--- START ---
(* Under the Standing Assumptions, let $g:X\to X$ be a homeomorphism commuting with $f$ and let $\Gamma:\mathcal E\to\mathcal E$ be a continuous linear extension of $g$ (fiber isomorphisms $\Gamma_x:\mathcal E_x\to\mathcal E_{gx}$ depending continuously on $x$) commuting with $F$, i.e. $\Gamma_{fx}\circ F_x=F_{gx}\circ\Gamma_x$ for all $x$. Then $\Gamma_x(\mathcal E^i_x)=\mathcal E^i_{gx}$ for all $x\in X$ and $i=1,\dots,\ell$; in particular $\Gamma_x\in\mathcal R_{x,gx}$. (This applies to $\Gamma_x=D_0\mathcal G_x$ for a $C^1$ extension $\mathcal G$ of $g$ preserving the zero section and commuting with $\mathcal F$.)
   Context: Standing Assumptions: $X$ is a compact metric space, $f:X\to X$ a homeomorphism, $\mathcal E$ a continuous finite-dimensional real vector bundle over $X$ with a continuous family of inner-product norms. $F:\mathcal E\to\mathcal E$ is a continuous linear extension of $f$ with fiber isomorphisms $F_x:\mathcal E_x\to\mathcal E_{fx}$; $\chi=(\chi_1,\dots,\chi_\ell)$ with $\chi_1<\dots<\chi_\ell<0$ and $0<\varepsilon<\varepsilon_0(\chi)$; there is a continuous $F$-invariant splitting $\mathcal E=\mathcal E^1\oplus\dots\oplus\mathcal E^\ell$ with $e^{\chi_i-\varepsilon}\|t\|\le\|F_xt\|\le e^{\chi_i+\varepsilon}\|t\|$ for $t\in\mathcal E^i_x$ (after choosing a suitable continuous metric; this holds whenever $F$ has $(\chi,\varepsilon)$-spectrum, i.e. $\{\lambda: e^\lambda\in\mathrm{Sp}(F^*_{\mathbb C})\}\subset\bigcup_i(\chi_i-\varepsilon,\chi_i+\varepsilon)$ where $F^*v(x)=F(v(f^{-1}x))$ on continuous sections). $\mathcal R_{x,y}$ denotes resonance polynomial maps $\mathcal E_x\to\mathcal E_y$ fixing $0$ with invertible derivative; a linear map is in $\mathcal R_{x,y}$ iff it maps $\mathcal E^i_x$ into $\mathcal E^i_y$ for all $i$. Constants: $d=\lfloor\chi_1/\chi_\ell\rfloor$; $\tilde\lambda=\max\{-\chi_i+\sum_js_j\chi_j<0\}$, $\mu=\max\{\chi_i-\sum_js_j\chi_j<0\}$ (over $i$ and non-negative integers $s_j$ making the expression negative); $\lambda=\max\{\tilde\lambda,-\chi_1+(d+1)\chi_\ell\}$; $\varepsilon_0(\chi)=\min\{-\chi_\ell,-\lambda/(d+2),-\mu/(d+1)\}$. *)

From HB Require Import structures.
From mathcomp Require Import all_boot all_order all_algebra.
From mathcomp Require Import all_classical all_reals all_analysis.
Set Implicit Arguments. Unset Strict Implicit. Unset Printing Implicit Defensive.
Import Order.TTheory GRing.Theory Num.Theory.
Import numFieldNormedType.Exports.
Local Open Scope classical_set_scope.
Local Open Scope ring_scope.

(* The bundle E is realised as a continuous subbundle of the trivial bundle
   X x R^N: fibre E_x = row space of an orthogonal projection matrix P x
   depending continuously on x.  Vectors are row vectors 'rV_N, linear maps
   act on the right (t |-> t *m A). *)

Definition is_orth_proj (R : realType) (N : nat) (P : 'M[R]_N) : Prop :=
  P *m P = P /\ P^T = P.

Definition cont_subbundle (R : realType) (X : topologicalType) (N : nat)
  (P : X -> 'M[R]_N) : Prop :=
  continuous P /\ forall x, is_orth_proj (P x).

(* continuous linear extension of h : X -> X on the subbundle P, given by a
   continuous matrix field A: the fibre map E_x -> E_{h x} is t |-> t *m A x,
   and it is a linear isomorphism E_x -> E_{h x}. *)
Definition lin_extension (R : realType) (X : topologicalType) (N : nat)
  (P : X -> 'M[R]_N) (h : X -> X) (A : X -> 'M[R]_N) : Prop :=
  continuous A /\
  forall x, (P x *m A x == P (h x))%MS /\ \rank (P x) = \rank (P (h x)).
(* Let $\phi$ be a proper partial $q$-edge-coloring of a graph $G$, let $xy$ be an uncolored edge, $C\subseteq[q]$, and $\ell\in\mathbb{N}$. Run $\mathsf{VizingChain}(\phi,xy,x,C,\ell)$ and suppose it returns $((F,P),\alpha)$ (not $\mathsf{FAIL}$), where $F=(x,y_0=y,\dots,y_{k-1})$ and $P=(x_0=x,\dots,x_s)$ is an $\alpha\beta$-path. If $s\ge1$, let $j$ be such that $y_j=x_1$. Then one of the following holds: (1) $P=(x)$ and the edge $xy_{k-1}$ is $\psi$-happy, where $\psi$ is obtained from $\phi$ by shifting $F$; or (2) $\mathsf{length}(P)<\ell$ and the edge $xy_{j-1}$ is $\psi$-happy, where $\psi$ is obtained from $\phi$ by flipping $P$ and then shifting $F'=(x,y_0,\dots,y_{j-1})$; or (3) $\mathsf{length}(P)<\ell$ and the edge $xy_{k-1}$ is $\psi$-happy, where $\psi$ is obtained from $\phi$ by flipping $P$ and then shifting $F$; or (4) $\mathsf{length}(P)=\ell$. Moreover, in cases (1)–(3) the happy edge may be colored with $\alpha$ (i.e. $\alpha$ is missing at both its endpoints under $\psi$).
   Context: Let $G=(V,E)$ be a simple graph and $q\in\mathbb{N}$. A partial $q$-edge-coloring is a map $\phi:E\to[q]\cup\{\mathsf{blank}\}$ ($\mathsf{blank}$ = uncolored); it is proper if any two distinct colored edges sharing an endpoint get different colors. For $x\in V$, $M(\phi,x):=[q]\setminus\{\phi(xy): y\in N_G(x)\}$ is the set of colors missing at $x$. An uncolored edge $xy$ is $\phi$-happy if $M(\phi,x)\cap M(\phi,y)\ne\varnothing$. A fan under $\phi$ is a sequence $F=(x,y_0,\dots,y_{k-1})$ of distinct neighbors $y_i$ of $x$ with $\phi(xy_0)=\mathsf{blank}$ and $\phi(xy_i)\in M(\phi,y_{i-1})$ for $1\le i<k$; $\mathsf{length}(F)=k$. Shifting $F$ produces the coloring $\psi$ with $\psi(xy_i)=\phi(xy_{i+1})$ for $0\le i<k-1$, $\psi(xy_{k-1})=\mathsf{blank}$, and $\psi=\phi$ elsewhere. For $\alpha,\beta\in[q]$, an $\alpha\beta$-path under $\phi$ is a sequence $P=(x_0,\dots,x_s)$ of distinct vertices with $\phi(x_0x_1)=\alpha$ and the colors of $x_ix_{i+1}$ alternating $\alpha,\beta,\alpha,\dots$; $\mathsf{length}(P)=s$, $\mathsf{vEnd}(P)=x_s$. The path $(x_0)$ has length $0$. It is maximal if it cannot be extended at either end. Flipping $P$ interchanges the colors $\alpha$ and $\beta$ on the edges of $P$. Procedure $\mathsf{MakeFan}(\phi,xy,x,C)$: set $F\gets(x,y)$, $z\gets y$, $k\gets 1$ (and write $y_0=y$). Repeat: if $C\cap M(\phi,z)=\varnothing$, return $\mathsf{FAIL}$. Let $\eta\gets\min (M(\phi,z)\cap C)$. Set $z\gets$ the neighbor $w$ of $x$ with $\phi(xw)=\eta$, or $z\gets\mathsf{blank}$ if no such $w$ exists. If $z=\mathsf{blank}$, return $(F,\eta,k)$. If $z=y_j$ for some vertex $y_j$ of $F$ other than $x$, return $(F,\eta,j)$. Otherwise set $y_k\gets z$, append $y_k$ to $F$, and $k\gets k+1$. Procedure $\mathsf{VizingChain}(\phi,xy,x,C,\ell)$: run $\mathsf{MakeFan}(\phi,xy,x,C)$; if it returns $\mathsf{FAIL}$, return $\mathsf{FAIL}$. Otherwise let $(F,\alpha,j)$ be its output. If $j=\mathsf{length}(F)$, return $((F,(x)),\alpha)$. If $M(\phi,x)\cap C=\varnothing$, return $\mathsf{FAIL}$. Otherwise let $\beta\gets\min(M(\phi,x)\cap C)$, let $P$ be the maximal $\alpha\beta$-path starting at $x$ if its length is at most $\ell$, and otherwise the initial segment of it consisting of its first $\ell$ edges; return $((F,P),\alpha)$. *)

From mathcomp Require Import all_boot.
Set Implicit Arguments. Unset Strict Implicit. Unset Printing Implicit Defensive.

(* A partial q-edge-coloring: phi : T -> T -> option nat, read only on edges
   (phi u v for e u v), None = blank, colors are 1..q. *)
Section Vizing.
Variables (T : finType) (q : nat) (e : rel T).

Definition simple_graph := symmetric e /\ irreflexive e.

Definition coloring := T -> T -> option nat.

Definition partial_coloring (phi : coloring) :=
  (forall u v, phi u v = phi v u) /\
  (forall u v c, e u v -> phi u v = Some c -> 0 < c <= q).

Definition proper_coloring (phi : coloring) :=
  partial_coloring phi /\
  forall u v w, e u v -> e u w -> v != w -> phi u v != None -> phi u v != phi u w.

Definition missing (phi : coloring) (v : T) : pred nat :=
  [pred c | (0 < c <= q) && [forall w, ~~ (e v w && (phi v w == Some c))]].

Definition happy (phi : coloring) (u v : T) : bool :=
  [&& e u v, phi u v == None &
      has (fun c => (c \in missing phi u) && (c \in missing phi v)) (iota 1 q)].

(* minimum of a set of colors P (only used when P meets [q]) *)
Definition minc (P : pred nat) : nat := nth 0 [seq c <- iota 1 q | P c] 0.

(* Fans are represented by x together with the sequence ys = [y_0; ...; y_{k-1}]. *)
Definition shift_fan (phi : coloring) (x : T) (ys : seq T) : coloring :=
  fun u v =>
    let g b := let i := index b ys in
               if i < (size ys).-1 then phi x (nth x ys i.+1)
               else if i < size ys then None else phi u v in
    if u == x then g v else if v == x then g u else phi u v.

Definition path_edge (P : seq T) (u v : T) : bool :=
  has (fun i => ((nth u P i, nth u P i.+1) == (u, v)) ||
                ((nth u P i, nth u P i.+1) == (v, u))) (iota 0 (size P).-1).

Definition swap_col (a b : nat) (o : option nat) : option nat :=
  match o with
  | Some c => if c == a then Some b else if c == b then Some a else Some c
  | None => None
  end.

Definition flip_path (phi : coloring) (P : seq T) (a b : nat) : coloring :=
  fun u v => if path_edge P u v then swap_col a b (phi u v) else phi u v.

Definition ab_path (phi : coloring) (a b : nat) (P : seq T) : Prop :=
  match P with
  | [::] => False
  | x0 :: _ =>
    uniq P /\
    forall i, i < (size P).-1 ->
      e (nth x0 P i) (nth x0 P i.+1) /\
      phi (nth x0 P i) (nth x0 P i.+1) = Some (if odd i then b else a)
  end.

Definition path_length (P : seq T) : nat := (size P).-1.

Definition maximal_ab_path (phi : coloring) (a b : nat) (P : seq T) : Prop :=
  ab_path phi a b P /\
  (forall x0, ~ (exists w, w \notin P /\ e (last x0 P) w /\
        phi (last x0 P) w = Some (if odd (path_length P) then b else a))) /\
  (forall x0, ~ (exists w, w \notin P /\ e w (head x0 P) /\ phi w (head x0 P) = Some b)).

(* MakeFan: returns None for FAIL, Some (ys, eta, j) otherwise.
   The fuel #|T|.+1 is never exhausted (each non-returning iteration appends a
   new distinct neighbour of x). *)
Fixpoint mf_loop (phi : coloring) (x : T) (C : pred nat) (fuel : nat)
    (ys : seq T) (z : T) : option (seq T * nat * nat) :=
  match fuel with
  | 0 => None
  | n.+1 =>
    let P := [pred c | (c \in missing phi z) && (c \in C)] in
    if ~~ has P (iota 1 q) then None else
    let eta := minc P in
    match [pick w | e x w && (phi x w == Some eta)] with
    | None => Some (ys, eta, size ys)
    | Some w => if w \in ys then Some (ys, eta, index w ys)
                else mf_loop phi x C n (rcons ys w) w
    end
  end.
(* Let $k\ge1$, $j\ge0$, $n=k+j$ and $N\in\mathcal{OC}_{k,j}$. Then $$\sum_{\{e',e''\}\subseteq \mathrm{ToT}(N),\ e'\neq e''}A_C(N(e',e''))=(2n^2+n-2)A_C(N)-(2n-1),$$ where the sum ranges over unordered pairs of distinct edges of $\mathrm{ToT}(N)$.
   Context: A (planted, binary) phylogenetic network on a taxon set $X$ with $|X|=n$ is a finite acyclic directed graph with: - a unique root $\rho$ of indegree 0 and outdegree 1; - exactly $n$ nodes of indegree 1 and outdegree 0 (leaves), labeled bijectively by $X$; - every other node is either a tree node (indegree 1, outdegree 2) or a reticulation node (indegree 2, outdegree 1). An edge $(p,q)$ is a tree edge if $q$ is a tree node or a leaf. A network is simplex if the child of every reticulation node is a leaf. A node $u$ is an ancestor of a node $v\neq u$ if some directed path from $\rho$ to $v$ passes through $u$. The ancestor number $\alpha_N(v)$ is the number of ancestors of $v$. The top tree component $C(N)$ of a simplex network $N$ is the set of tree nodes and leaves not descending from any reticulation node. Define $A_C(N)=\sum_{v\in C(N)}\alpha_N(v)$. $\mathrm{ToT}(N)$ is the set of tree edges $(u,v)$ of $N$ with $u$ not a reticulation node, i.e. the tree edges of the top tree component. For $k\ge1$, $j\ge0$, $\mathcal{OC}_{k,j}$ is the set of simplex networks on taxa $\{1,\dots,k+j\}$ with exactly $j$ reticulation nodes, whose children are the leaves $k+1,\dots,k+j$. For $N\in\mathcal{OC}_{k,j}$ and distinct $e'=(u,v)$, $e''=(s,t)$ in $\mathrm{ToT}(N)$, the network $N(e',e'')$ is obtained from $N$ as follows: - subdivide $e'$ into $(u,p),(p,v)$ and $e''$ into $(s,q),(q,t)$, with new nodes $p,q$; - add a new reticulation node $r$ with edges $(p,r),(q,r)$; - add a new leaf labeled $n+1$ with edge $(r,n+1)$. *)

From mathcomp Require Import all_boot.
From mathcomp Require Import boolp.
Set Implicit Arguments. Unset Strict Implicit. Unset Printing Implicit Defensive.
Lemma spline_space_mspline_span s : spline_space k g lam s ->
  exists e, forall x, lam O <= x <= lam (S g) ->
    s x = sumR (S (k + g)) (fun l => e l * mspline l x).
Proof.
  intros [hpieces [F [eF [hd hc]]]].
  assert (hp : forall i, (i <= g)%nat ->
            exists p, is_poly k p /\ forall x, lam i <= x <= lam (S i) -> F x = p x).
  { intros i hi. destruct (hpieces i hi) as [cc hcc].
    exists (fun x => sumR (S k) (fun j => cc j * x ^ j)).
    split; [apply is_poly_monomials; exists cc; auto|].
    intros x hx. pose proof (lam_le O i ltac:(lia) ltac:(lia)).
    pose proof (lam_le (S i) (S g) ltac:(lia) ltac:(lia)). rewrite eF; [apply hcc|]; auto; lra. }
  pose proof (spline_like_Derive_n F hd hc hp k (le_n k)) as HF.
  rewrite Nat.sub_diag, <- (Nat.succ_pred_pos k) in HF by lia.
  destruct (bsp_span (pred k) F ltac:(lia) HF) as [d hF].
  rewrite (Nat.succ_pred_pos k) in hF by lia.
  exists (fun l => d l * (t (l + S k) - t l) / INR (S k)). intros x hx.
  rewrite <- eF, hF by exact hx. apply sumR_ext. intros l hl.
  rewrite bsp_mspline by lia. unfold Rdiv. ring.
Qed.

Lemma Zfun_span s : Zspace k g lam s ->
  exists c : nat -> R, forall x, lam O <= x <= lam (S g) ->
    s x = sumR (g + k) (fun j => c j * Zfun k g lam j x).
Proof.
  intros [hspl hint]. destruct (spline_space_mspline_span s hspl) as [e hs].
  set (mu := sumR (S (k + g)) e).
  assert (hab : lam O <= lam (S g)) by (apply lam_le; lia).
  assert (I1 : is_RInt (fun x => sumR (g + k) (fun j => sumR (S j) e * Zfun k g lam j x))
                 (lam O) (lam (S g)) 0).
  { rewrite <- (sumR_eq0 (g + k) (fun _ => 0)) by auto. apply is_RInt_sumR. intros j hj.
    rewrite <- (Rmult_0_r (sumR (S j) e)), <- (unit_vec_neq (k + g) j) by lia.
    apply (is_RInt_scal (Zfun k g lam j)), is_RInt_Zfun. }
  assert (I2 : is_RInt (fun x => mu * mspline (k + g) x) (lam O) (lam (S g)) 0).
  { apply (is_RInt_ext (fun x => minus (s x) (sumR (g + k) (fun j => sumR (S j) e * Zfun k g lam j x)))).
    - rewrite Rmin_left, Rmax_right by exact hab. intros x hx.
      change (s x - sumR (g + k) (fun j => sumR (S j) e * Zfun k g lam j x) = mu * mspline (k + g) x).
      rewrite sumR_Zfun_partial_sums, <- hs by lra. fold mu. ring.
    - rewrite <- (Rminus_0_r 0). apply (is_RInt_minus s _ _ _ 0 0 hint I1). }
  pose proof (is_RInt_scal _ _ _ mu _ is_RInt_mspline_last) as I3.
  change (is_RInt (fun y => mu * mspline (k + g) y) (lam O) (lam (S g)) (mu * 1)) in I3.
  apply (is_RInt_unique (V := R_CompleteNormedModule)) in I2, I3. rewrite I2 in I3.
  exists (fun j => sumR (S j) e). intros x hx.
  rewrite sumR_Zfun_partial_sums, <- hs by exact hx. fold mu. replace mu with 0 by lra. ring.
Qed.
End ExtendedKnots.

Theorem theorem2 (k g : nat) (a b : R) (lam : nat -> R)
  (hk : (1 <= k)%nat) (hab : a < b)
  (h0 : lam O = a) (hg : lam (S g) = b)
  (hinc : forall i, (i <= g)%nat -> lam i < lam (S i)) :
  (* each Z_i lies in the space *)
  (forall j, (j < g + k)%nat -> Zspace k g lam (Zfun k g lam j)) /\
  (* linear independence on [a,b] *)
  (forall c : nat -> R,
     (forall x, a <= x <= b -> sumR (g + k) (fun j => c j * Zfun k g lam j x) = 0) ->
     forall j, (j < g + k)%nat -> c j = 0) /\
  (* spanning *)
  (forall s : R -> R, Zspace k g lam s ->
     exists c : nat -> R, forall x, a <= x <= b ->
       s x = sumR (g + k) (fun j => c j * Zfun k g lam j x)).
Proof.
  subst a b. split; [|split].
  - exact (Zfun_in_Zspace k g lam hinc hk).
  - exact (Zfun_independent k g lam hinc hk).
  - exact (Zfun_span k g lam hinc hk).
Qed.
(* Let $\mu\in C^1[0,1]$ with $\mu\ge0$ and $\mu(1)\ne0$, and let $\Phi(z)=\int_0^1\mu(\alpha)z^\alpha\,d\alpha$. Then for every $z$ with $\operatorname{Re}z=\gamma>0$, $\operatorname{Re}(\Phi^{1/2}(z))\ge\frac{\sqrt2}{2}|\Phi^{1/2}(z)|$.
   Context: Powers $z^\alpha$ and $\Phi^{1/2}$ use the principal branch, with $\arg z\in(-\pi,\pi]$. *)

From Stdlib Require Import Reals.
From Coquelicot Require Import Coquelicot.
Open Scope R_scope.

(* Principal argument of a complex number, with values in (-PI, PI];
   carg 0 = 0 (irrelevant convention). *)
Definition carg (z : C) : R :=
  let x := Re z in let y := Im z in
  if Rlt_dec 0 x then atan (y / x)
  else if Rlt_dec x 0 then
    (if Rle_dec 0 y then atan (y / x) + PI else atan (y / x) - PI)
  else
    if Rlt_dec 0 y then PI / 2
    else if Rlt_dec y 0 then - (PI / 2) else 0.

(* Principal power z^a = |z|^a e^{i a arg z} for real exponent a; 0^a := 0. *)
Definition cpow (z : C) (a : R) : C :=
  if Req_EM_T (Cmod z) 0 then (0, 0)
  else (Rpower (Cmod z) a * cos (a * carg z),
        Rpower (Cmod z) a * sin (a * carg z)).

Definition csqrt (w : C) : C := cpow w (1 / 2).

Definition Phi (mu : R -> R) (z : C) : C :=
  (RInt (fun a => mu a * Re (cpow z a)) 0 1,
   RInt (fun a => mu a * Im (cpow z a)) 0 1).

(* mu in C^1[0,1]: differentiable at every point of [0,1] (one-sided at the
   endpoints, i.e. derivative taken within [0,1]) with derivative continuous
   on [0,1]. *)
Definition C1_01 (mu : R -> R) : Prop :=
  exists dmu : R -> R,
    (forall x, 0 <= x <= 1 ->
       filterlim (fun y => (mu y - mu x) / (y - x))
         (within (fun y => 0 <= y <= 1 /\ y <> x) (locally x))
         (locally (dmu x))) /\
    (forall x, 0 <= x <= 1 ->
       filterlim dmu (within (fun y => 0 <= y <= 1) (locally x))
         (locally (dmu x))).

(* For Re z >= 0 the principal argument of z lies in [-PI/2, PI/2], hence so does
   a * arg z for a in [0,1]: every power z^a lies in the closed right half-plane.
   Phi(z) is an integral of such powers against the weight mu >= 0, so
   Re Phi(z) >= 0, and the principal square root maps the closed right
   half-plane into the sector |arg| <= PI/4, on which Re w >= cos(PI/4) |w|. *)

From Stdlib Require Import Reals Lra Classical.
From Coquelicot Require Import Coquelicot.
Open Scope R_scope.

(* [RInt] is defined through [iota], whose junk value for a non-integrable
   function is the real part of [p_infty], i.e. [0]. *)
Lemma RInt_not_ex (f : R -> R) (a b : R) : ~ ex_RInt f a b -> RInt f a b = 0.
Proof.
  intros Hn.
  change (R_complete_lim (fun A => forall x, is_RInt f a b x -> A x) = 0).
  unfold R_complete_lim.
  rewrite (is_lub_Rbar_unique _ p_infty); [reflexivity|].
  split.
  - intros x _. exact I.
  - intros [c| |] Hc; simpl; auto; exfalso.
    + assert (c + 1 <= c); [|lra].
      apply (Hc (c + 1)). intros y Hy. exfalso. apply Hn. now exists y.
    + apply (Hc 0). intros y Hy. exfalso. apply Hn. now exists y.
Qed.

Lemma RInt_ge_0_total (f : R -> R) (a b : R) :
  a <= b -> (forall x, a < x < b -> 0 <= f x) -> 0 <= RInt f a b.
Proof.
  intros Hab Hf. destruct (classic (ex_RInt f a b)) as [Hi|Hn].
  - now apply RInt_ge_0.
  - rewrite RInt_not_ex by exact Hn. lra.
Qed.

Lemma Cmod_polar (r t : R) : 0 <= r -> Cmod (r * cos t, r * sin t) = r.
Proof.
  intros Hr. unfold Cmod. simpl.
  match goal with |- sqrt ?e = _ =>
    replace e with (r * r * (Rsqr (sin t) + Rsqr (cos t))) by (unfold Rsqr; ring)
  end.
  rewrite sin2_cos2, Rmult_1_r. now apply sqrt_square.
Qed.

Lemma carg_bound_Re_ge0 (w : C) : 0 <= Re w -> - (PI / 2) <= carg w <= PI / 2.
Proof.
  intros H. pose proof PI_RGT_0. unfold carg.
  destruct (Rlt_dec 0 (Re w)).
  - pose proof (atan_bound (Im w / Re w)). lra.
  - destruct (Rlt_dec (Re w) 0); [lra|].
    destruct (Rlt_dec 0 (Im w)); [lra|].
    destruct (Rlt_dec (Im w) 0); lra.
Qed.

Lemma cos_half_ge_sqrt2_2 (t : R) :
  - (PI / 2) <= t <= PI / 2 -> sqrt 2 / 2 <= cos (t / 2).
Proof.
  intros Ht. pose proof PI_RGT_0.
  assert (E : sqrt 2 / 2 = cos (PI / 4)).
  { rewrite cos_PI4. assert (0 < sqrt 2) by (apply sqrt_lt_R0; lra).
    assert (sqrt 2 * sqrt 2 = 2) by (apply sqrt_sqrt; lra).
    field_simplify_eq; [nra | lra]. }
  assert (Habs : cos (t / 2) = cos (Rabs (t / 2))).
  { unfold Rabs. destruct Rcase_abs; [now rewrite cos_neg | reflexivity]. }
  assert (Hb : 0 <= Rabs (t / 2) <= PI / 4).
  { split; [apply Rabs_pos|]. unfold Rabs; destruct Rcase_abs; lra. }
  rewrite E, Habs.
  destruct (Req_dec (Rabs (t / 2)) (PI / 4)) as [e | e]; [rewrite e; lra|].
  left. apply cos_decreasing_1; lra.
Qed.

Lemma Re_cpow_ge0 (z : C) (a : R) :
  0 <= Re z -> 0 <= a <= 1 -> 0 <= Re (cpow z a).
Proof.
  intros Hz Ha. unfold cpow. destruct (Req_EM_T (Cmod z) 0); simpl; [lra|].
  pose proof (carg_bound_Re_ge0 z Hz) as Harg. pose proof PI_RGT_0.
  apply Rmult_le_pos; [left; apply exp_pos|].
  assert (- (PI / 2) <= a * carg z <= PI / 2) by (split; nra).
  apply cos_ge_0; lra.
Qed.

Lemma Re_Phi_ge0 (mu : R -> R) (z : C) :
  (forall a, 0 <= a <= 1 -> 0 <= mu a) -> 0 <= Re z -> 0 <= Re (Phi mu z).
Proof.
  intros Hmu Hz. apply RInt_ge_0_total; [lra|]. intros a Ha.
  apply Rmult_le_pos; [apply Hmu; lra | apply Re_cpow_ge0; lra].
Qed.

Lemma csqrt_sector (w : C) :
  0 <= Re w -> sqrt 2 / 2 * Cmod (csqrt w) <= Re (csqrt w).
Proof.
  intros Hw. unfold csqrt, cpow.
  destruct (Req_EM_T (Cmod w) 0); simpl.
  - rewrite (Cmod_0 : Cmod (0, 0) = 0). lra.
  - assert (Hr : 0 <= Rpower (Cmod w) (1 / 2)) by (left; apply exp_pos).
    rewrite Cmod_polar by exact Hr.
    replace (1 / 2 * carg w) with (carg w / 2) by field.
    rewrite Rmult_comm. apply Rmult_le_compat_l; [exact Hr|].
    now apply cos_half_ge_sqrt2_2, carg_bound_Re_ge0.
Qed.

Theorem mainTheorem4 (mu : R -> R) :
  C1_01 mu ->
  (forall a, 0 <= a <= 1 -> 0 <= mu a) ->
  mu 1 <> 0 ->
  forall z : C, 0 < Re z ->
    Re (csqrt (Phi mu z)) >= sqrt 2 / 2 * Cmod (csqrt (Phi mu z)).
Proof.
  intros _ Hmu _ z Hz. apply Rle_ge, csqrt_sector, Re_Phi_ge0; [exact Hmu | lra].
Qed.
--- END ---
Whenever a line above includes the string "Require", copy it.

● **Result of the task**
From HB Require Import structures.
From mathcomp Require Import all_boot all_order all_algebra.
From mathcomp Require Import all_classical all_reals all_analysis.
From mathcomp Require Import all_boot.
From mathcomp Require Import all_boot.
From mathcomp Require Import boolp.
From Stdlib Require Import Reals.
From Coquelicot Require Import Coquelicot.
From Stdlib Require Import Reals Lra Classical.
From Coquelicot Require Import Coquelicot.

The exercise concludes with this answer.